(* Every Q in Delta_P vanishes at (t, x, y) as soon as x is not in X_t or y is not in Y_t.
   If X_0 and X_1 are disjoint, each row x thus carries mass of a single value of T, which
   is the conditional independence of T and Y given X. Exchanging the roles of X and Y
   gives (2) from (1) and (c) from (b).

   A point Q of the relative interior of Delta_P is positive on X_t x Y_t, and it can be
   moved a little along every basic move of Delta_P: mass of T = t is shifted around a
   rectangle {xa, xb} x {ya, yb} of X_t x Y_t, which keeps both marginals. H(T | X, Y) is a
   sum of one entropy per cell (x, y), and when row xb carries no mass of ~~ t only the
   cells (xa, ya) and (xa, yb) change. In (a), with xb and yb exclusive to t, the move only
   adds mass to the unique mixed cell (xa, ya), which strictly increases the entropy. In (b),
   optimality against the moves in both directions forces
   Q(t,x,y) Q(~~t,x,y') = Q(t,x,y') Q(~~t,x,y) for all y, y' in Y_t (a subset of Y_{~~t}
   by (a)), which is the cross-ratio form of conditional independence on {Y in Y_t}. *)

Lemma RplusA : associative Rplus. Proof. by move=> *; rewrite Rplus_assoc. Qed.
Lemma RmultA : associative Rmult. Proof. by move=> *; rewrite Rmult_assoc. Qed.
HB.instance Definition _ := Monoid.isComLaw.Build R 0 Rplus RplusA Rplus_comm Rplus_0_l.
HB.instance Definition _ := Monoid.isComLaw.Build R 1 Rmult RmultA Rmult_comm Rmult_1_l.
HB.instance Definition _ := Monoid.isMulLaw.Build R 0 Rmult Rmult_0_l Rmult_0_r.
HB.instance Definition _ :=
  Monoid.isAddLaw.Build R Rmult Rplus Rmult_plus_distr_r Rmult_plus_distr_l.

Section RealSums.
Variable I : finType.
Implicit Types F : I -> R.

Lemma sumR_ge0 F : (forall i, 0 <= F i) -> 0 <= \big[Rplus/0]_i F i.
Proof. by move=> F_ge0; apply: big_ind => //; [lra | move=> a b; lra]. Qed.

Lemma sumR_ge_term F j : (forall i, 0 <= F i) -> F j <= \big[Rplus/0]_i F i.
Proof.
move=> F_ge0; rewrite (bigD1 j) //=.
have : 0 <= \big[Rplus/0]_(i | i != j) F i by apply: big_ind => //; [lra | move=> a b; lra].
lra.
Qed.

Lemma sumR_eq0_term F j : (forall i, 0 <= F i) -> \big[Rplus/0]_i F i = 0 -> F j = 0.
Proof. by move=> F_ge0 F0; have := sumR_ge_term j F_ge0; have := F_ge0 j; lra. Qed.

Lemma sumR_supp2 F a b : a != b ->
  (forall i, i != a -> i != b -> F i = 0) -> \big[Rplus/0]_i F i = F a + F b.
Proof.
move=> ab F0; rewrite (bigD1 a) //= (bigD1 b) /=; last by rewrite eq_sym.
rewrite big1 ?Rplus_0_r // => i /andP [ia ib]; exact: F0.
Qed.

End RealSums.

Section Transposition.
Variables X Y : finType.
Implicit Types P Q : fun3 X Y.

Definition swapXY Q : fun3 Y X := fun t y x => Q t x y.

Lemma sum3_swapXY Q : sum3 (swapXY Q) = sum3 Q.
Proof. by apply: eq_bigr => t _; rewrite exchange_big. Qed.

Lemma pT_swapXY Q t : pT (swapXY Q) t = pT Q t.
Proof. exact: exchange_big. Qed.

Lemma inXt_swapXY P t y : inXt (swapXY P) t y = inYt P t y.
Proof. by rewrite /inXt pT_swapXY. Qed.

Lemma inYt_swapXY P t x : inYt (swapXY P) t x = inXt P t x.
Proof. by rewrite /inYt pT_swapXY. Qed.

Lemma is_dist_swapXY Q : is_dist Q -> is_dist (swapXY Q).
Proof. by case=> Q_ge0 Q1; split=> [t y x|]; [apply: Q_ge0 | rewrite sum3_swapXY]. Qed.

Lemma in_DeltaP_swapXY P Q : in_DeltaP P Q -> in_DeltaP (swapXY P) (swapXY Q).
Proof. by case=> /is_dist_swapXY Qd [QX QY]. Qed.

Lemma in_aff_DeltaP_swapXY P Q : in_aff_DeltaP P Q -> in_aff_DeltaP (swapXY P) (swapXY Q).
Proof.
case=> l [l1 [lP lQ]]; exists [seq (p.1, swapXY p.2) | p <- l]; split; [|split].
- by rewrite big_map.
- move=> p /List.in_map_iff [q [<- ql]]; exact/in_DeltaP_swapXY/lP.
- by move=> t y x; rewrite big_map /swapXY lQ.
Qed.

Lemma condH_swapXY Q : condH (swapXY Q) = condH Q.
Proof. by rewrite /condH -[in RHS]sum3_swapXY. Qed.

Lemma swapXY_cond_on_Xt P Q t :
  swapXY (cond_on_Xt P Q t) = cond_on_Yt (swapXY P) (swapXY Q) t.
Proof.
do 3 apply: functional_extensionality => ?.
by rewrite /swapXY /cond_on_Xt /cond_on_Yt /indYt /indXt pT_swapXY -[in LHS]sum3_swapXY.
Qed.

Lemma CI_T_X_given_Y_of_swapXY Q : CI_T_Y_given_X (swapXY Q) -> CI_T_X_given_Y Q.
Proof. by move=> CI t x y; apply: CI. Qed.

End Transposition.

Lemma in_relint_DeltaP_swapXY (X Y : finType) (P Q : fun3 X Y) :
  in_relint_DeltaP P Q -> in_relint_DeltaP (swapXY P) (swapXY Q).
Proof.
case=> /in_DeltaP_swapXY QD [eps [eps_gt0 rel]]; split=> //; exists eps; split=> // Q' Q'aff Q'near.
exact/in_DeltaP_swapXY/rel/(fun t x y => Q'near t y x)/in_aff_DeltaP_swapXY.
Qed.

Lemma is_argmax_condH_swapXY (X Y : finType) (P Q : fun3 X Y) :
  is_argmax_condH P Q -> is_argmax_condH (swapXY P) (swapXY Q).
Proof.
case=> /in_DeltaP_swapXY QD Qmax; split=> // Q' /in_DeltaP_swapXY Q'D.
by rewrite -(condH_swapXY Q') (condH_swapXY Q); apply: Qmax.
Qed.

Section Support.
Variables X Y : finType.
Implicit Types P Q M : fun3 X Y.

Lemma inXt_dec P t x : {inXt P t x} + {~ inXt P t x}.
Proof. exact: Rlt_dec. Qed.

Lemma inYt_dec P t y : {inYt P t y} + {~ inYt P t y}.
Proof. exact: Rlt_dec. Qed.

Lemma pTX_eq0_notXt P t x : is_dist P -> ~ inXt P t x -> pTX P t x = 0.
Proof.
move=> [P_ge0 _] Px.
have pTX_ge0 : 0 <= pTX P t x by apply: sumR_ge0.
have pTX_le : pTX P t x <= pT P t.
  by apply: (sumR_ge_term (F := fun x => pTX P t x)) => x'; apply: sumR_ge0.
case: (Rle_lt_or_eq_dec _ _ pTX_ge0) => // pTX_gt0.
by case: Px; apply: Rdiv_lt_0_compat; lra.
Qed.

Lemma in_DeltaP_eq0_notXt P Q t x : is_dist P -> in_DeltaP P Q -> ~ inXt P t x ->
  forall y, Q t x y = 0.
Proof.
move=> HP [[Q_ge0 _] [QX _]] Px y; apply: (sumR_eq0_term (F := fun y => Q t x y)) => //.
by rewrite -/(pTX Q t x) QX pTX_eq0_notXt.
Qed.

Lemma CI_T_Y_given_X_of_cross M :
  (forall x y y', M true x y * M false x y' = M true x y' * M false x y) ->
  CI_T_Y_given_X M.
Proof.
move=> cross t x y; rewrite /pX /pXY !big_bool /=.
have E : M true x y * pTX M false x = pTX M true x * M false x y.
  rewrite /pTX big_distrr big_distrl /=.
  by apply: eq_bigr => y' _; rewrite cross; ring.
by case: t; rewrite -/(pTX M true x) -/(pTX M false x); nra.
Qed.

Lemma CI_T_Y_given_X_of_disjoint P Q : is_dist P ->
  (~ exists x, inXt P false x /\ inXt P true x) -> in_DeltaP P Q -> CI_T_Y_given_X Q.
Proof.
move=> HP disj HQ; apply: CI_T_Y_given_X_of_cross => x y y'.
case: (inXt_dec P false x) => Px0.
- have Px1 : ~ inXt P true x by move=> Px1; apply: disj; exists x.
  by rewrite !(in_DeltaP_eq0_notXt HP HQ Px1); ring.
- by rewrite !(in_DeltaP_eq0_notXt HP HQ Px0); ring.
Qed.

End Support.

Lemma in_DeltaP_eq0_notYt (X Y : finType) (P Q : fun3 X Y) t y :
  is_dist P -> in_DeltaP P Q -> ~ inYt P t y -> forall x, Q t x y = 0.
Proof.
move=> /is_dist_swapXY HP /in_DeltaP_swapXY HQ Py.
by apply: (in_DeltaP_eq0_notXt HP HQ); rewrite inXt_swapXY.
Qed.

Lemma CI_T_X_given_Y_of_disjoint (X Y : finType) (P Q : fun3 X Y) : is_dist P ->
  (~ exists y, inYt P false y /\ inYt P true y) -> in_DeltaP P Q -> CI_T_X_given_Y Q.
Proof.
move=> /is_dist_swapXY HP disj /in_DeltaP_swapXY HQ.
apply/CI_T_X_given_Y_of_swapXY/(CI_T_Y_given_X_of_disjoint HP _ HQ).
by case=> y; rewrite !inXt_swapXY => Py; apply: disj; exists y.
Qed.
Theorem theorem2 (p q N r L : nat) :
  prime (Z.of_nat p) -> prime (Z.of_nat q) -> (1 < p <= q)%nat ->
  N = (p * q)%nat -> Nat.Odd N ->
  (0 < r <= (N - 1) / 2)%nat ->
  (L0 p q r <= L <= (N - 1) / 2)%nat ->
  IP_uniquely_solvable N r L.
Proof.
intros p_pr q_pr [_ pq] -> _ [r_gt0 _] [L0_le _].
apply BinaryDFT.IP_uniquely_solvable_pq; auto.
- assert (1 <= L0 p q r)%nat by (apply le_fold_max_filter; simpl; auto; lia). lia.
- intros pr. assert (p <= L0 p q r)%nat by (apply le_fold_max_filter; simpl; auto). lia.
- intros qr. assert (q <= L0 p q r)%nat by (apply le_fold_max_filter; simpl; auto). lia.
Qed.
Lemma parent_supported_update w :
  w \in supported e M' -> w != v -> parent w \notin M'.
Proof.
move=> wS wv; have [wu|wNu] := boolP (strictly_below w u).
  by case: (supported_update_inside wS wu).
have [wS0 wNu'] := supported_update_outside wS wNu.
rewrite updateE (negPf (M_parent wS0 wv)) /=.
apply: contra wNu => /added_strictly_below /andP [pwBu _].
by rewrite /strictly_below (below_trans (below_parent w) pwBu) wNu'.
Qed.

Lemma incomparable_update w1 w2 :
  w1 \in supported e M' -> w2 \in supported e M' -> w1 != w2 -> ~~ below w1 w2.
Proof.
move=> S1 S2 w12; apply/negP => B12.
have [w1u|w1Nu] := boolP (strictly_below w1 u).
  have [p1M' p2N _] := supported_update_inside S1 w1u.
  have /addedP [_ p3A _] := p2N.
  have w2M' := mem_supported S2.
  apply: (negP (supported_update_not_above S2)); rewrite -(parent_removed p3A).
  apply: below_parentW; last by apply: contraNneq (removed_notin_update p3A) => ->.
  apply: below_parentW; last first.
    by apply: contraTneq (added_crit_update p2N) => ->; apply: supported_notcrit.
  apply: below_parentW; last by apply: contraNneq p1M' => ->.
  exact: below_parentW B12 w12.
have [S1' w1Nu'] := supported_update_outside S1 w1Nu.
have [/andP [B2u _]|w2Nu] := boolP (strictly_below w2 u).
  by move: w1Nu; rewrite /strictly_below (below_trans B12 B2u) w1Nu'.
have [S2' _] := supported_update_outside S2 w2Nu.
by move: (M_incomparable S1' S2' w12); rewrite B12.
Qed.
#[local] Arguments path_end : simpl never.

Lemma nat_least_element (P : nat -> Prop) :
  (exists n, P n) -> exists n, P n /\ forall m, P m -> n <= m.
Proof.
  intros HP.
  destruct (dec_inh_nat_subset_has_unique_least_element P (fun n => classic (P n)) HP)
    as [n [[Pn Hmin] _]].
  eauto.
Qed.

Lemma square_le_pow2 k : 4 <= k -> k * k <= 2 ^ k.
Proof.
  induction 1 as [|k Hk IH]; [simpl; lia|].
  rewrite Nat.pow_succ_r'. nia.
Qed.

Lemma linear_le_pow2 a b k : a + b + 4 <= k -> a * k + b <= 2 ^ k.
Proof. intros Hk. transitivity (k * k); [nia|apply square_le_pow2; lia]. Qed.

Lemma log_bound a b c :
  exists C, forall D, (forall k, c * D <= 2 ^ k -> D <= a * k + b) -> D <= C.
Proof.
  set (k0 := c * a + c * (a + b) + 4). exists (a * k0 + b). intros D HD.
  destruct (nat_least_element (fun k => c * D <= 2 ^ k)) as [k [Hk Hmin]].
  { exists (c * D). apply Nat.lt_le_incl, Nat.pow_gt_lin_r. lia. }
  specialize (HD k Hk).
  destruct (Nat.le_gt_cases k k0) as [Hle|Hgt]; [nia|exfalso].
  destruct k as [|k]; [lia|].
  assert (Hlt : 2 ^ k < c * D) by (apply Nat.nle_gt; intros H; specialize (Hmin k H); lia).
  pose proof (linear_le_pow2 (c * a) (c * (a + b)) k ltac:(lia)).
  pose proof (Nat.mul_le_mono_l _ _ c HD).
  nia.
Qed.

Section ListSplit.
Variable A : Type.
Implicit Type l : list A.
• • • • •
_ABOUT THIS TASK:_
Across the entries above, how many lines include the word "true"? Give only the number.

_ANSWER TO THE EXERCISE:_
6